- _Exercise details_
Wherever the word "forall" appears in a line below, that line counts; report the total number of such lines only.
━━━━━ Recorded data ━━━━━
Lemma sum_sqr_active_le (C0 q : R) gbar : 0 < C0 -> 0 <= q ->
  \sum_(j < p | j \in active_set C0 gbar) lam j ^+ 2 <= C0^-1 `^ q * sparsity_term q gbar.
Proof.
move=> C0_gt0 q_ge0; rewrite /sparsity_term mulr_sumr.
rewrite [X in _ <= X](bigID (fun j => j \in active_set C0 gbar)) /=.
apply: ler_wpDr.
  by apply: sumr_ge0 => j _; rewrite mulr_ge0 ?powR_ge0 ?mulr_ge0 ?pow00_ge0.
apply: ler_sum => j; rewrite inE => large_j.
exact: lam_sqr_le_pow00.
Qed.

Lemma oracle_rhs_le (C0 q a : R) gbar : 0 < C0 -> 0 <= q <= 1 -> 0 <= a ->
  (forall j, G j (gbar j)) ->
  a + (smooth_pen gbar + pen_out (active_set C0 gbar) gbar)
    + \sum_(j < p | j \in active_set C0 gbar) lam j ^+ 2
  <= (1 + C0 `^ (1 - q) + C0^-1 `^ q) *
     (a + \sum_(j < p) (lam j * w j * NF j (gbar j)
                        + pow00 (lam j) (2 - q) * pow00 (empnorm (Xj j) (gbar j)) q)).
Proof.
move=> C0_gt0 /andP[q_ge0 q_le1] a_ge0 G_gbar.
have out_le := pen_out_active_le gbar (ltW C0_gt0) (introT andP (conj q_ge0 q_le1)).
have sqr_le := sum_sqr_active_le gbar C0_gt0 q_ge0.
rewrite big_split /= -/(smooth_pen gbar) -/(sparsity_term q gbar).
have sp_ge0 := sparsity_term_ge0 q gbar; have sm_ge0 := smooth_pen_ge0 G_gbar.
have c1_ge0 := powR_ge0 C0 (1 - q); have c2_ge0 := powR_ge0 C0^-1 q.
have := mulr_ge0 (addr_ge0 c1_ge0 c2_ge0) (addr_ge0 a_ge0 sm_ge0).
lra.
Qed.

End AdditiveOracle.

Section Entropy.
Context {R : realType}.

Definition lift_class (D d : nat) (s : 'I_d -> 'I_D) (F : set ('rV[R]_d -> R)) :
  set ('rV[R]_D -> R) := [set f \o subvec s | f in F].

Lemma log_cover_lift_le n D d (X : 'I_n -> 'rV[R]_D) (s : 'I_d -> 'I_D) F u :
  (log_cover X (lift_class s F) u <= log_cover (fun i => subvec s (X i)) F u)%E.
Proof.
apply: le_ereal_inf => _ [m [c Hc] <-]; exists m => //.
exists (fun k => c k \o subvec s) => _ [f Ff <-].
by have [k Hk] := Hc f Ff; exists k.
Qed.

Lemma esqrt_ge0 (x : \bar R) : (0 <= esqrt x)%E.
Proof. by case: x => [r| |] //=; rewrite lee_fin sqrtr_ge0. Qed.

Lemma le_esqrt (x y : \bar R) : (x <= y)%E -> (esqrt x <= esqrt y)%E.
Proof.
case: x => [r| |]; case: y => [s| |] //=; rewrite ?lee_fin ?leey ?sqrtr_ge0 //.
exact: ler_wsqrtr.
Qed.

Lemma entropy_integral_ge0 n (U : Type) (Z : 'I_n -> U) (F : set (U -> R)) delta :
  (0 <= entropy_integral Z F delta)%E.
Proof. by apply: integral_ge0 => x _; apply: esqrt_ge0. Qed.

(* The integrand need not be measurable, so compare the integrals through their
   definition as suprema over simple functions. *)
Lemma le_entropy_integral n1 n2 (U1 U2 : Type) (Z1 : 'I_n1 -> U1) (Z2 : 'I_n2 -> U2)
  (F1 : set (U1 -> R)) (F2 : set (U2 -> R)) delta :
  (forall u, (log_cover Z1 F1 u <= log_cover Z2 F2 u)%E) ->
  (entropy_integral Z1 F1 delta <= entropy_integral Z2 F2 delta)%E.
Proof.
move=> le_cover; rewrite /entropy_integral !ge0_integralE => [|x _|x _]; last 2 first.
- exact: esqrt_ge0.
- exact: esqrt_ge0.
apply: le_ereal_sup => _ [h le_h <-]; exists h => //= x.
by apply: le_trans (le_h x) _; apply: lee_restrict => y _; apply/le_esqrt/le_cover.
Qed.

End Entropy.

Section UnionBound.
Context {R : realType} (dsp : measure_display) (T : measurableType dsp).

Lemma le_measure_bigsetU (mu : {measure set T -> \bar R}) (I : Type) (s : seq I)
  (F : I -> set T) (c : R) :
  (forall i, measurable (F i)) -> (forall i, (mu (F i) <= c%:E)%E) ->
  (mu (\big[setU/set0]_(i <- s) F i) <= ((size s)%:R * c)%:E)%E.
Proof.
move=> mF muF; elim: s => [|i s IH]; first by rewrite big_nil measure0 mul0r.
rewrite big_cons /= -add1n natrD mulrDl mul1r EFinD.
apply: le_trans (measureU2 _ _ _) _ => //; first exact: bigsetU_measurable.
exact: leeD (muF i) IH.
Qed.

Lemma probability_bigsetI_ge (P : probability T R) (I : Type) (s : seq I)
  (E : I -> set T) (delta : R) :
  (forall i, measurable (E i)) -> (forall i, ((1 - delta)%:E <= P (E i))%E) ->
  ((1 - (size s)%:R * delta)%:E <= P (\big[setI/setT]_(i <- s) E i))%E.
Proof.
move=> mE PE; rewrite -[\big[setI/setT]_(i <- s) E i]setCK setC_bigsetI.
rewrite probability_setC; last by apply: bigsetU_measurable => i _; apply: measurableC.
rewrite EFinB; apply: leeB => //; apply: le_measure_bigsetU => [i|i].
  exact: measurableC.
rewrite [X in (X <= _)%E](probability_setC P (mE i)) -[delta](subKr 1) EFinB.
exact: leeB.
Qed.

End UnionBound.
━━━━━
- _Exercise result_
4